WHAT TO DO
Filter the entries for lines with the word "Definition".

(Dataset items)

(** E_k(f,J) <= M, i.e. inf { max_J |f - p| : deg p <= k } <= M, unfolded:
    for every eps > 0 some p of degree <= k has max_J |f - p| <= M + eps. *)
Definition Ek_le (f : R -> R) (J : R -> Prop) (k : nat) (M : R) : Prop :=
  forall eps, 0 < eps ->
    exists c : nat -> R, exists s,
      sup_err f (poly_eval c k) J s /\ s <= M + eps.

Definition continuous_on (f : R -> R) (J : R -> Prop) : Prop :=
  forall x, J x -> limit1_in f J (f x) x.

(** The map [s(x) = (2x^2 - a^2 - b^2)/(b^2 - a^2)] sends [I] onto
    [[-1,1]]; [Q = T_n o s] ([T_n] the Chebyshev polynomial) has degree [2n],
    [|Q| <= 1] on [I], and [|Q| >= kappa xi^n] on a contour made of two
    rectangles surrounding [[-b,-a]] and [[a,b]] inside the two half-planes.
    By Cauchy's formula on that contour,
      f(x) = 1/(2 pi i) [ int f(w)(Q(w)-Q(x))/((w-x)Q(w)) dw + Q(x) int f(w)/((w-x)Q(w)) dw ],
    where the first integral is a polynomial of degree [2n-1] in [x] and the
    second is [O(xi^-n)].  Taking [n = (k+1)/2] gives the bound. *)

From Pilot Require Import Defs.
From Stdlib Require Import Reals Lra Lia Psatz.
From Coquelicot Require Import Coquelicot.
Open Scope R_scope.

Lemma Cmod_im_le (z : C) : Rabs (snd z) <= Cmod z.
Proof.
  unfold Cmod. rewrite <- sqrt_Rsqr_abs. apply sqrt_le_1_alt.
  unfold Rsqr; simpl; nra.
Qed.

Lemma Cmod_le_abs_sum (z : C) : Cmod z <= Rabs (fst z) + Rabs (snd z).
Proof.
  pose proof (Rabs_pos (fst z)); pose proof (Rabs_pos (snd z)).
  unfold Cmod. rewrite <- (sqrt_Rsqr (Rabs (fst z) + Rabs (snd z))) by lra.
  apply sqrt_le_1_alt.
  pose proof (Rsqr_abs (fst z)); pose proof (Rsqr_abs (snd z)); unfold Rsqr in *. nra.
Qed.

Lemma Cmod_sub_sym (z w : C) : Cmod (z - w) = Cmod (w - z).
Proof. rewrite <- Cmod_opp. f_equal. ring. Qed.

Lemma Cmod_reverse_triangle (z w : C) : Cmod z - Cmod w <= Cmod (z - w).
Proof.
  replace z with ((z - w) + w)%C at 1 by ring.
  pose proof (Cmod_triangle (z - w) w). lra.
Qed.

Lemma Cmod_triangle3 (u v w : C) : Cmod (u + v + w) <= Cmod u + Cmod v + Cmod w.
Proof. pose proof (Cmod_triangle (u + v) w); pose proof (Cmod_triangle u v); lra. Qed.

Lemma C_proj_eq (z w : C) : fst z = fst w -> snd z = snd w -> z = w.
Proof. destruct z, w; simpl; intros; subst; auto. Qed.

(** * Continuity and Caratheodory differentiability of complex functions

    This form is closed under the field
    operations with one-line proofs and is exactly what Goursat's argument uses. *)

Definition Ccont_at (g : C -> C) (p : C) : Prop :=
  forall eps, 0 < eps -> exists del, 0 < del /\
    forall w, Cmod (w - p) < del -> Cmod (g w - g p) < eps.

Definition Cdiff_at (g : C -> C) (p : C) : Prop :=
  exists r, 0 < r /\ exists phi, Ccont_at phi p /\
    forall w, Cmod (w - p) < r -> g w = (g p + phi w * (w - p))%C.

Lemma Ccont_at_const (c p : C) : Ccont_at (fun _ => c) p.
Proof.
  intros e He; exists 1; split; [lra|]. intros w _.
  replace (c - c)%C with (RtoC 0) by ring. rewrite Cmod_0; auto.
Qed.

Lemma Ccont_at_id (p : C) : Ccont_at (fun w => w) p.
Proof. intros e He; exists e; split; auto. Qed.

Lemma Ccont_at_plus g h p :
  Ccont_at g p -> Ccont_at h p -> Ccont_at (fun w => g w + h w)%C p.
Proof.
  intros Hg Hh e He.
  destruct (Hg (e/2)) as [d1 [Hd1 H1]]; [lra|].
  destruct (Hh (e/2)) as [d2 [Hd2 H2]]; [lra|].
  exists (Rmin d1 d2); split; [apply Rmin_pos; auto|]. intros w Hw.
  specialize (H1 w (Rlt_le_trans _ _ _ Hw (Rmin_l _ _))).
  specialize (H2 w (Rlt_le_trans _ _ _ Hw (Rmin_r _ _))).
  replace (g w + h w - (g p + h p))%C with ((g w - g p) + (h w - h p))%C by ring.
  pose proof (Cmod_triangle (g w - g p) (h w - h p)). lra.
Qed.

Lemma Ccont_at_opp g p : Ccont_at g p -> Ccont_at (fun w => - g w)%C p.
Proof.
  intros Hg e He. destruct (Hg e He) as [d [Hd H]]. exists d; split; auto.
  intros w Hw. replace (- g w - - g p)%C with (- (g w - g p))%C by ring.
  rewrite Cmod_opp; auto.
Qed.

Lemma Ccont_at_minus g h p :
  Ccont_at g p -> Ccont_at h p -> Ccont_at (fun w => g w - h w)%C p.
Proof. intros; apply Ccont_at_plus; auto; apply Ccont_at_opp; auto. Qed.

---

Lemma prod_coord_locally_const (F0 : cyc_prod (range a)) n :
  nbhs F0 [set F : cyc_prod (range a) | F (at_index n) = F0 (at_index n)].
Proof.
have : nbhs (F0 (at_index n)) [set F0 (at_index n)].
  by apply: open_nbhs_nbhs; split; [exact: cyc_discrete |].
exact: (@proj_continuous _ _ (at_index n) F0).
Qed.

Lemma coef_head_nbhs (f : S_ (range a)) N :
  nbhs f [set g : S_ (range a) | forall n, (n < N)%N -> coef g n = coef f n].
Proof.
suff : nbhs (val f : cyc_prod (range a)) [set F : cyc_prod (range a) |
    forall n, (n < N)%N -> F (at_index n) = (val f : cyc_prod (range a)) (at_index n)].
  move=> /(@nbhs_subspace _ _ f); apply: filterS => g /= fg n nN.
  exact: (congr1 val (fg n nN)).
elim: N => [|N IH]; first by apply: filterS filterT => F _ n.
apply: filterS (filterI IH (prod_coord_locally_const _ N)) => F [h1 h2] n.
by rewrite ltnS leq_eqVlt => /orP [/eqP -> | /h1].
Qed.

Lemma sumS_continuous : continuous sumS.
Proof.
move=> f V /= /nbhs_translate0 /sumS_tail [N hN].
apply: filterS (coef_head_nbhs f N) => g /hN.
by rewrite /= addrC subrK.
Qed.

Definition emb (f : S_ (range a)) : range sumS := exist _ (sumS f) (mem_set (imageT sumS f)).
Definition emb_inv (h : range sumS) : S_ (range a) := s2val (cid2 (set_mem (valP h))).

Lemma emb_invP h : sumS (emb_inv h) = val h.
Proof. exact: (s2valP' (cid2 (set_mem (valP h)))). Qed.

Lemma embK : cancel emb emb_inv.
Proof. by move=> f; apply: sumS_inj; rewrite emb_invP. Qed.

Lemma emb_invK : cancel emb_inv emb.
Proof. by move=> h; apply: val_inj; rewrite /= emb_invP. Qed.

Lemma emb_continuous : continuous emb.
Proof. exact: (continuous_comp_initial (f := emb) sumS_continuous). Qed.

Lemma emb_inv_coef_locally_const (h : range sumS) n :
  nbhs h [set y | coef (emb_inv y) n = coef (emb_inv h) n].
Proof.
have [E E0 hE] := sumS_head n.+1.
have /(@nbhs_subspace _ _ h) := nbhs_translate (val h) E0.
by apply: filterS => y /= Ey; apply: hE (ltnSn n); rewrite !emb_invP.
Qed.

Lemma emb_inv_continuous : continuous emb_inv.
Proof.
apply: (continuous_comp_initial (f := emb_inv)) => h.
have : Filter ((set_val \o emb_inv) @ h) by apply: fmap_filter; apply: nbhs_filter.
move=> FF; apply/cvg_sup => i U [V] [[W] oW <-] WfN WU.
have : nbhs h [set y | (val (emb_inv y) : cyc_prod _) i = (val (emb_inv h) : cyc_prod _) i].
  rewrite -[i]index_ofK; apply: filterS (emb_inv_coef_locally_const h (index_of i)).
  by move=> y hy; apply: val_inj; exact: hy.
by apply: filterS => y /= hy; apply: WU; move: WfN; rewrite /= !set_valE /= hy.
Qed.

YOUR SOLUTION
Definition Ek_le (f : R -> R) (J : R -> Prop) (k : nat) (M : R) : Prop :=
Definition continuous_on (f : R -> R) (J : R -> Prop) : Prop :=
Definition Ccont_at (g : C -> C) (p : C) : Prop :=
Definition Cdiff_at (g : C -> C) (p : C) : Prop :=
Definition emb (f : S_ (range a)) : range sumS := exist _ (sumS f) (mem_set (imageT sumS f)).
Definition emb_inv (h : range sumS) : S_ (range a) := s2val (cid2 (set_mem (valP h))).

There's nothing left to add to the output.